◆ **EXTRACTED INFORMATION**
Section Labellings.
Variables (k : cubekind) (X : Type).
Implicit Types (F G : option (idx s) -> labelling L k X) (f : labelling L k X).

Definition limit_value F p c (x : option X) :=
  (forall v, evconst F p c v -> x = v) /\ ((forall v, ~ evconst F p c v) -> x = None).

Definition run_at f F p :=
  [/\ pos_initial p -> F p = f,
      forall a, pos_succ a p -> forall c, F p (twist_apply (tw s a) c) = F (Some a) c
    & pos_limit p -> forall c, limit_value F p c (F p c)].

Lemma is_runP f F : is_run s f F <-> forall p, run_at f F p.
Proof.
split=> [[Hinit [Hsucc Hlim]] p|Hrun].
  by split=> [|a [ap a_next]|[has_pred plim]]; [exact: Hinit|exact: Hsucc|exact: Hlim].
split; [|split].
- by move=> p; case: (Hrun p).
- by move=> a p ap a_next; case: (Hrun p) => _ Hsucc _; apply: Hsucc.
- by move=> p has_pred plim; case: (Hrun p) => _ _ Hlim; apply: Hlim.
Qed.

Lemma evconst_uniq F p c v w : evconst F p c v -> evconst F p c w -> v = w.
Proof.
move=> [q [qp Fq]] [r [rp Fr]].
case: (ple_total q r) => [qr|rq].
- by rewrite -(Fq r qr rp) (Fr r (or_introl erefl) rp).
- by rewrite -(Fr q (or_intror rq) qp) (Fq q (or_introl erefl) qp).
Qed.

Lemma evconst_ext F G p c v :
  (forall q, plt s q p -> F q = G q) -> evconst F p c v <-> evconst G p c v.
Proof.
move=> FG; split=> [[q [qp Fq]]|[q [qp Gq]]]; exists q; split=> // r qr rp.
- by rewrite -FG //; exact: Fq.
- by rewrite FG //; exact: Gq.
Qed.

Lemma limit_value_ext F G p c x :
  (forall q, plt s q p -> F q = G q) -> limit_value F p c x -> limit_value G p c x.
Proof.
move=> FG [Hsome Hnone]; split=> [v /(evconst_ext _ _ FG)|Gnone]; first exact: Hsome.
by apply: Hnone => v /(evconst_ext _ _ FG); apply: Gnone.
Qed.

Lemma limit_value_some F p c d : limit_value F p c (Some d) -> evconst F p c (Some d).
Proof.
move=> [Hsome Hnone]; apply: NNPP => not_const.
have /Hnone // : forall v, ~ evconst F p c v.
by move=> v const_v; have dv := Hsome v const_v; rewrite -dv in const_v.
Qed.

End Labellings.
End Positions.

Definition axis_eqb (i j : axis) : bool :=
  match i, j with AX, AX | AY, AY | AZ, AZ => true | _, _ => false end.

◆ **WHAT YOU NEED TO DO**
Exactly as they stand, please print the lines from the first line of the records above down to the line that includes "Lemma limit_value_ext F", both of those included and no others.

◆ **OUTPUT FOR THIS EXERCISE**
Section Labellings.
Variables (k : cubekind) (X : Type).
Implicit Types (F G : option (idx s) -> labelling L k X) (f : labelling L k X).

Definition limit_value F p c (x : option X) :=
  (forall v, evconst F p c v -> x = v) /\ ((forall v, ~ evconst F p c v) -> x = None).

Definition run_at f F p :=
  [/\ pos_initial p -> F p = f,
      forall a, pos_succ a p -> forall c, F p (twist_apply (tw s a) c) = F (Some a) c
    & pos_limit p -> forall c, limit_value F p c (F p c)].

Lemma is_runP f F : is_run s f F <-> forall p, run_at f F p.
Proof.
split=> [[Hinit [Hsucc Hlim]] p|Hrun].
  by split=> [|a [ap a_next]|[has_pred plim]]; [exact: Hinit|exact: Hsucc|exact: Hlim].
split; [|split].
- by move=> p; case: (Hrun p).
- by move=> a p ap a_next; case: (Hrun p) => _ Hsucc _; apply: Hsucc.
- by move=> p has_pred plim; case: (Hrun p) => _ _ Hlim; apply: Hlim.
Qed.

Lemma evconst_uniq F p c v w : evconst F p c v -> evconst F p c w -> v = w.
Proof.
move=> [q [qp Fq]] [r [rp Fr]].
case: (ple_total q r) => [qr|rq].
- by rewrite -(Fq r qr rp) (Fr r (or_introl erefl) rp).
- by rewrite -(Fr q (or_intror rq) qp) (Fq q (or_introl erefl) qp).
Qed.

Lemma evconst_ext F G p c v :
  (forall q, plt s q p -> F q = G q) -> evconst F p c v <-> evconst G p c v.
Proof.
move=> FG; split=> [[q [qp Fq]]|[q [qp Gq]]]; exists q; split=> // r qr rp.
- by rewrite -FG //; exact: Fq.
- by rewrite FG //; exact: Gq.
Qed.

Lemma limit_value_ext F G p c x :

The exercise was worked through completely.